» Assignment:
Which lines below include "rpowN"? Copy them all.

BEGIN

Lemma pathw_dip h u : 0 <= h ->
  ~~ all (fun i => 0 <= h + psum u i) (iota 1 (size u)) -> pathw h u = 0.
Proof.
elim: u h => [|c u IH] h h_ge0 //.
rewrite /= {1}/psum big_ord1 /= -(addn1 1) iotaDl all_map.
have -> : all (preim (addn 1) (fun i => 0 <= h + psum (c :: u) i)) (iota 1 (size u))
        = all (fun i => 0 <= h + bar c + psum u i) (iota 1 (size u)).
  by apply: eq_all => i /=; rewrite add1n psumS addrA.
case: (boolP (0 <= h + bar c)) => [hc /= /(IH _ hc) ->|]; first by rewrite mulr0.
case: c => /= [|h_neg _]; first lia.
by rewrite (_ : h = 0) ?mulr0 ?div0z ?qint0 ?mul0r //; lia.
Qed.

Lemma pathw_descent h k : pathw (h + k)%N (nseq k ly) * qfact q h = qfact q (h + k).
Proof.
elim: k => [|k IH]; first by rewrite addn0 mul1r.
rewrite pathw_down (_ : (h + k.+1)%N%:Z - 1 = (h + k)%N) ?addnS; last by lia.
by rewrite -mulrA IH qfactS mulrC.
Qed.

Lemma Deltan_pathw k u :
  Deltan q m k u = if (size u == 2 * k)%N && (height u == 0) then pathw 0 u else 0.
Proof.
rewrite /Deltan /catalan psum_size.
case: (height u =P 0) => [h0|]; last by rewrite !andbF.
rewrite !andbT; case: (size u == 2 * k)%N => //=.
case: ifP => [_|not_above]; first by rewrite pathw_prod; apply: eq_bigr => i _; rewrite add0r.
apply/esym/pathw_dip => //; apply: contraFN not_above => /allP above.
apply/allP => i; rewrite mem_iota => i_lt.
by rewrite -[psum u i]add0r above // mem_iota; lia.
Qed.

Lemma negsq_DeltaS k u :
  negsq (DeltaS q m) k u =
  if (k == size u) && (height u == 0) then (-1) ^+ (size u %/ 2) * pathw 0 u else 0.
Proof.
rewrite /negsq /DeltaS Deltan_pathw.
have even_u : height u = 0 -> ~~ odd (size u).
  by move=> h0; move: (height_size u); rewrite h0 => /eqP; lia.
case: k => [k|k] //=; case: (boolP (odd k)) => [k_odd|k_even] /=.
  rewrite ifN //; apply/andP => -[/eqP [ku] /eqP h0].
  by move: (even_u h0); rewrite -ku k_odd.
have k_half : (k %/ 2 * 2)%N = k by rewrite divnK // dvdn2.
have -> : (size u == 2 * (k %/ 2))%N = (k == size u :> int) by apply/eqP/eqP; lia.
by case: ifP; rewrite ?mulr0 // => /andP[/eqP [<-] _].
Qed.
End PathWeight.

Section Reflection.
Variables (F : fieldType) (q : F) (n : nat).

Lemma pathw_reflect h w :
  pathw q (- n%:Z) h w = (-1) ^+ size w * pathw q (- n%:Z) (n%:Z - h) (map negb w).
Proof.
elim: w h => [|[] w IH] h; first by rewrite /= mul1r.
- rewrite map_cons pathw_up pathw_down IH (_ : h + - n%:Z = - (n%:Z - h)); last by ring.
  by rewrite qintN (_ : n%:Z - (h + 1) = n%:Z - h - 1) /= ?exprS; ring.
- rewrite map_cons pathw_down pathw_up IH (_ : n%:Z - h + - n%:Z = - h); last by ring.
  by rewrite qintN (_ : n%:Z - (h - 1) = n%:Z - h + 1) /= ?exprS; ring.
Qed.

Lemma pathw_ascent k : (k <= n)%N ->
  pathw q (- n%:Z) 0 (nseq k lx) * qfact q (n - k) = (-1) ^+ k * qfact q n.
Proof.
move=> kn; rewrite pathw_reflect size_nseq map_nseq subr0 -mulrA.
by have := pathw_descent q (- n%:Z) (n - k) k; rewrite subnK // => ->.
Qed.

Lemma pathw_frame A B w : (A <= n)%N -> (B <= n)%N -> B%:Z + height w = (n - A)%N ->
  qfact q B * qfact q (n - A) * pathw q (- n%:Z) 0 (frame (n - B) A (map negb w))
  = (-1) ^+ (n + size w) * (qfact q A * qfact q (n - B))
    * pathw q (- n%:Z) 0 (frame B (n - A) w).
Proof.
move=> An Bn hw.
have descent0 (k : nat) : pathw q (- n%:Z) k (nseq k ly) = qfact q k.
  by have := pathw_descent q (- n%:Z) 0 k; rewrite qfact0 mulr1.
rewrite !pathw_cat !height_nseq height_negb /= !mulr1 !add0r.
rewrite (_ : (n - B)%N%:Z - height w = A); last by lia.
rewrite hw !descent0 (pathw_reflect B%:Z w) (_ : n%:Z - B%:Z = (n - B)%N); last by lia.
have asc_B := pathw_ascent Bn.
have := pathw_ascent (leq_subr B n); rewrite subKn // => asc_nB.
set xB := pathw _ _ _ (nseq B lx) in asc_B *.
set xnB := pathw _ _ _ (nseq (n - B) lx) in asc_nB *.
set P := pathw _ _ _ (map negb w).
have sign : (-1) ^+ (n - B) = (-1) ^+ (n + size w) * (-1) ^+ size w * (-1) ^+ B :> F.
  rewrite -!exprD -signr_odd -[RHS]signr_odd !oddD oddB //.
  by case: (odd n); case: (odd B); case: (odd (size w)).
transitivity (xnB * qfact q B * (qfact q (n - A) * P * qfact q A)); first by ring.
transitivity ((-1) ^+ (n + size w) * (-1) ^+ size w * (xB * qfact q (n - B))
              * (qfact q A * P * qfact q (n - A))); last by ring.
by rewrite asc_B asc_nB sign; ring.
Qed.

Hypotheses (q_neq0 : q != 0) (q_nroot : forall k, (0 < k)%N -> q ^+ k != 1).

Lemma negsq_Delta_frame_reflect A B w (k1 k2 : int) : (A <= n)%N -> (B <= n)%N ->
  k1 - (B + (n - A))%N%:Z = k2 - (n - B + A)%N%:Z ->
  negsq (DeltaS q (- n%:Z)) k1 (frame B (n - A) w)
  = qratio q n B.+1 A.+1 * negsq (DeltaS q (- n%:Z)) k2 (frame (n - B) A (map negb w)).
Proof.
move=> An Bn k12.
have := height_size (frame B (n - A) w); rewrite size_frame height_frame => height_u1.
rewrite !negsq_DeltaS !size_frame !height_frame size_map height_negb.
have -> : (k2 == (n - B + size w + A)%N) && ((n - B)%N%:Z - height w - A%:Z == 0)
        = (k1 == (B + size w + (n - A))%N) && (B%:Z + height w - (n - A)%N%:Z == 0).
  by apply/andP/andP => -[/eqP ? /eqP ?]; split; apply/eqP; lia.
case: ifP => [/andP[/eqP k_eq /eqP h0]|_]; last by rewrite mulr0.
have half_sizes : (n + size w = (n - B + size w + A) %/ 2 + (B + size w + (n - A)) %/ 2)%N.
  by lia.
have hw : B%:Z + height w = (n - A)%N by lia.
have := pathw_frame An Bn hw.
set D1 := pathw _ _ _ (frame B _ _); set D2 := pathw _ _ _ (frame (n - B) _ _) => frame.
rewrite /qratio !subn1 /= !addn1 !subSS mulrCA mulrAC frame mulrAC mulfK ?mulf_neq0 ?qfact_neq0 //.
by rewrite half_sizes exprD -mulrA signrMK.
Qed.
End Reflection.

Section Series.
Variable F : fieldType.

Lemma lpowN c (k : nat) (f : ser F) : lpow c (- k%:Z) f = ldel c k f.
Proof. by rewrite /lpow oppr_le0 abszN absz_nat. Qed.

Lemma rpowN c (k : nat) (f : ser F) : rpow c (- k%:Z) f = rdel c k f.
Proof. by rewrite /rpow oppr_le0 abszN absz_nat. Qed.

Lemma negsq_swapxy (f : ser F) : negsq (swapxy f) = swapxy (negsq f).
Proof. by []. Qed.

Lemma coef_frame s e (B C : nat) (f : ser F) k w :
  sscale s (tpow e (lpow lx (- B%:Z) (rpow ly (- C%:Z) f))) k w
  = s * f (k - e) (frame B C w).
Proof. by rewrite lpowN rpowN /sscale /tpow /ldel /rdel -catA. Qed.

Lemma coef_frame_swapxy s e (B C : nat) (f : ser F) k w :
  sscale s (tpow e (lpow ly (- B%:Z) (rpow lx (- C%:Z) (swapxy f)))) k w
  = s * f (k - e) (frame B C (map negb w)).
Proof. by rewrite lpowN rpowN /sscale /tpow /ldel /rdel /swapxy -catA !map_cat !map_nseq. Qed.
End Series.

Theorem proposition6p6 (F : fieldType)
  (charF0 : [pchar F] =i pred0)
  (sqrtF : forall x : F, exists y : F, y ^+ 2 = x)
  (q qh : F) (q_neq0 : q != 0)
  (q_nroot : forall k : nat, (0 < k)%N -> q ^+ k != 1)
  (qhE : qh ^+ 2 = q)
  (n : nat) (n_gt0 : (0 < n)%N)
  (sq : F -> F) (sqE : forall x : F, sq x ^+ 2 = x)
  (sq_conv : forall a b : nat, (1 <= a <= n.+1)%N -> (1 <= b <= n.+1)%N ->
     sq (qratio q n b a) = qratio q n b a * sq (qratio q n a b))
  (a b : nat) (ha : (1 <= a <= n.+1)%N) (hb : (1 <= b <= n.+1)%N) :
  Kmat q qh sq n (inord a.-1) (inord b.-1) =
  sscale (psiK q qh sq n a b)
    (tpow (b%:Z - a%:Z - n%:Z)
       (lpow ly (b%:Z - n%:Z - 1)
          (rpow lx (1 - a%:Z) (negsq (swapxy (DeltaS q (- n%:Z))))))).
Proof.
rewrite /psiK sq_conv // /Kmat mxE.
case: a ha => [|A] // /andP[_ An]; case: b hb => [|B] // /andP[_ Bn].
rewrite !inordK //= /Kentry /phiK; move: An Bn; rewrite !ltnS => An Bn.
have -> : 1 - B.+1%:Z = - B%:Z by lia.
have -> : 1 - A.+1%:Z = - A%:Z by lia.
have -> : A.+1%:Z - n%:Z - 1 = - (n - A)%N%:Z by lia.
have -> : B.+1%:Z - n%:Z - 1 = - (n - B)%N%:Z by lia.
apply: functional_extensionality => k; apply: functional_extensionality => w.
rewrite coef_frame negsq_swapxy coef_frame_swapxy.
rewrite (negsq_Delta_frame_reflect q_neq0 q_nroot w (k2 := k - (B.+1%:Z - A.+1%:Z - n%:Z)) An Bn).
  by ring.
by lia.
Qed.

END

» Answer to this task:
Lemma rpowN c (k : nat) (f : ser F) : rpow c (- k%:Z) f = rdel c k f.
Proof. by rewrite lpowN rpowN /sscale /tpow /ldel /rdel -catA. Qed.
Proof. by rewrite lpowN rpowN /sscale /tpow /ldel /rdel /swapxy -catA !map_cat !map_nseq. Qed.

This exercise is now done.